Exercise brief> Print the line that has "have -> : x ^+ (2 * b" in it, then every remaining line of the data, exactly and without anything extra.

Stored data>
Lemma det_chebU n (X : 'I_n -> R) : (forall k, X k != 0) ->
  \det (\matrix_(k, j) (X k ^+ (j : nat).+1 - (X k ^+ (j : nat).+1)^-1)) =
  \prod_k (X k - (X k)^-1) *
  \prod_(k < n) \prod_(l < n | (k < l)%N) ((X l + (X l)^-1) - (X k + (X k)^-1)).
Proof.
move=> X_neq0.
pose L : 'M[R]_n := \matrix_(j, r) (chebU j)`_r.
have -> : \matrix_(k, j) (X k ^+ (j : nat).+1 - (X k ^+ (j : nat).+1)^-1) =
    diag_mx (\row_k (X k - (X k)^-1)) *m
    (L *m Vandermonde n (\row_k (X k + (X k)^-1)))^T.
  apply/matrixP => k j; rewrite mul_diag_mx !mxE -chebU_horner //; congr (_ * _).
  rewrite (horner_coef_wide _ (leq_trans (size_chebU j) (ltn_ord j))).
  by apply: eq_bigr => r _; rewrite !mxE.
have L_trig : is_trig_mx L.
  by apply/is_trig_mxP => j r ltjr; rewrite mxE; case: (chebU_coef j) => _ ->.
have L_diag : \prod_(j < n) L j j = 1.
  by apply: big1 => j _; rewrite mxE; case: (chebU_coef j).
rewrite det_mulmx det_diag det_tr det_mulmx det_Vandermonde det_trig // L_diag mul1r.
by congr (_ * _); apply: eq_bigr => k _; rewrite ?mxE //; apply: eq_bigr => l _; rewrite !mxE.
Qed.

End ChebyshevDeterminant.

Section QBinomial.

Context {R : fieldType} (q : R).
Hypothesis q_not_unity_root : forall r, (0 < r)%N -> q ^+ r != 1.

Definition qbinom (a b : nat) : R := \prod_(k < b) ((1 - q ^+ (a - k)) / (1 - q ^+ k.+1)).

Lemma qbinom_eq0 a b : (a < b)%N -> qbinom a b = 0.
Proof.
move=> lt_ab; apply/eqP/prodf_eq0; exists (Ordinal lt_ab) => //=.
by rewrite subnn expr0 subrr mul0r.
Qed.

Lemma qbinomS a b : qbinom a.+1 b.+1 = qbinom a b + q ^+ b.+1 * qbinom a b.+1.
Proof.
case: (ltnP a b) => [lt_ab | le_ba].
  by rewrite !qbinom_eq0 ?mulr0 ?addr0 // ltnS ltnW.
have qpoch_neq0 k : 1 - q ^+ k.+1 != 0 by rewrite subr_eq0 eq_sym q_not_unity_root.
pose N a b := \prod_(k < b) (1 - q ^+ (a - k)).
pose D b := \prod_(k < b) (1 - q ^+ k.+1).
have ND a' b' : qbinom a' b' = N a' b' / D b' by rewrite /qbinom prodf_div.
have NSS : N a.+1 b.+1 = (1 - q ^+ a.+1) * N a b by rewrite /N big_ord_recl.
have NS : N a b.+1 = N a b * (1 - q ^+ (a - b)) by rewrite /N big_ord_recr.
have DS : D b.+1 = D b * (1 - q ^+ b.+1) by rewrite /D big_ord_recr.
have D_neq0 : D b != 0 by apply/prodf_neq0 => k _.
rewrite !ND NSS NS DS.
have -> : q ^+ a.+1 = q ^+ b.+1 * q ^+ (a - b) by rewrite -exprD; congr (_ ^+ _); lia.
by field; rewrite D_neq0 qpoch_neq0.
Qed.

End QBinomial.

Section WeylProduct.

Context {R : fieldType} (x : R).
Hypothesis x_neq0 : x != 0.
Hypothesis x_not_unity_root : forall r, (0 < r)%N -> x ^+ r != 1.

Definition qdiff (r : nat) : R := x ^+ r - x ^- r.
Definition qsum (r : nat) : R := x ^+ r + x ^- r.
Definition qfact (r : nat) : R := \prod_(0 <= k < r) qdiff k.+1.

Lemma qdiff_neq0 r : (0 < r)%N -> qdiff r != 0.
Proof.
move=> r_gt0; have xr_neq0 : x ^+ r != 0 by rewrite expf_neq0.
have -> : qdiff r = (x ^+ (r + r) - 1) / x ^+ r.
  by rewrite /qdiff exprD; field.
by rewrite mulf_neq0 ?invr_eq0 // subr_eq0 x_not_unity_root ?addn_gt0 ?r_gt0.
Qed.

Lemma qfact0 : qfact 0 = 1.
Proof. by rewrite /qfact big_geq. Qed.

Lemma qfact_neq0 r : qfact r != 0.
Proof. by rewrite prodf_seq_neq0; apply/allP => k _; apply: qdiff_neq0. Qed.

Lemma qfactD m r : qfact (m + r) = qfact m * \prod_(0 <= k < r) qdiff (m + k).+1.
Proof.
rewrite /qfact (big_cat_nat (leq0n m) (leq_addr r m)) /=.
rewrite -{2}[m]add0n big_addn addKn; congr (_ * _).
by apply: eq_bigr => k _; rewrite addnC.
Qed.

Lemma qfact_rev r : \prod_(0 <= k < r) qdiff (r - k) = qfact r.
Proof.
rewrite big_nat_rev add0n; apply: eq_big_nat => k /andP[_ lt_kr].
by congr qdiff; lia.
Qed.

Lemma qfact_binom a i : (i <= a)%N ->
  qfact a / (qfact i * qfact (a - i)) =
  x ^- (i * (a - i)) * qbinom (x ^+ 2) a i.
Proof.
move=> le_ia.
have top : qfact a = qfact (a - i) * \prod_(k < i) qdiff (a - k).
  rewrite -{1}(subnK le_ia) qfactD big_nat_rev big_mkord add0n.
  by congr (_ * _); apply: eq_bigr => k _; congr qdiff; have := ltn_ord k; lia.
have ratio k : qdiff (a - k) / qdiff k.+1 =
    x ^+ k.+1 / x ^+ (a - k) * ((1 - (x ^+ 2) ^+ (a - k)) / (1 - (x ^+ 2) ^+ k.+1)).
  rewrite /qdiff !(exprAC x 2); field.
  by rewrite !expf_neq0 // -exprM -exprD subr_eq0 eq_sym subr_eq0 !x_not_unity_root.
have bot : qfact i = \prod_(k < i) qdiff k.+1 by rewrite /qfact big_mkord.
transitivity (\prod_(k < i) (qdiff (a - k) / qdiff k.+1)).
  by rewrite prodf_div top -bot; field; rewrite !qfact_neq0.
under eq_bigr => k _ do rewrite ratio.
rewrite big_split /= prodf_div !prodrXr; congr (_ * _).
by rewrite sum_sub_ord // exprD invfM mulrA divff ?expf_neq0 // mul1r.
Qed.

Lemma qsum_sub b a : (b <= a)%N ->
  qsum (2 * b + 1) - qsum (2 * a + 1) = - (qdiff (a - b) * qdiff (a + b + 1)).
Proof.
move=> le_ba; rewrite /qsum /qdiff; have u_neq0 : x ^+ (a - b) != 0 by rewrite expf_neq0.
have v_neq0 : x ^+ (a + b + 1) != 0 by rewrite expf_neq0.
have -> : x ^+ (2 * b + 1) = x ^+ (a + b + 1) / x ^+ (a - b).
  by apply/(canRL (mulfK u_neq0)); rewrite -exprD; congr (_ ^+ _); lia.
have -> : x ^+ (2 * a + 1) = x ^+ (a - b) * x ^+ (a + b + 1).
  by rewrite -exprD; congr (_ ^+ _); lia.
by field; rewrite u_neq0 v_neq0.
Qed.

Answer to this task>
have -> : x ^+ (2 * b + 1) = x ^+ (a + b + 1) / x ^+ (a - b).
  by apply/(canRL (mulfK u_neq0)); rewrite -exprD; congr (_ ^+ _); lia.
have -> : x ^+ (2 * a + 1) = x ^+ (a - b) * x ^+ (a + b + 1).
  by rewrite -exprD; congr (_ ^+ _); lia.
by field; rewrite u_neq0 v_neq0.
Qed.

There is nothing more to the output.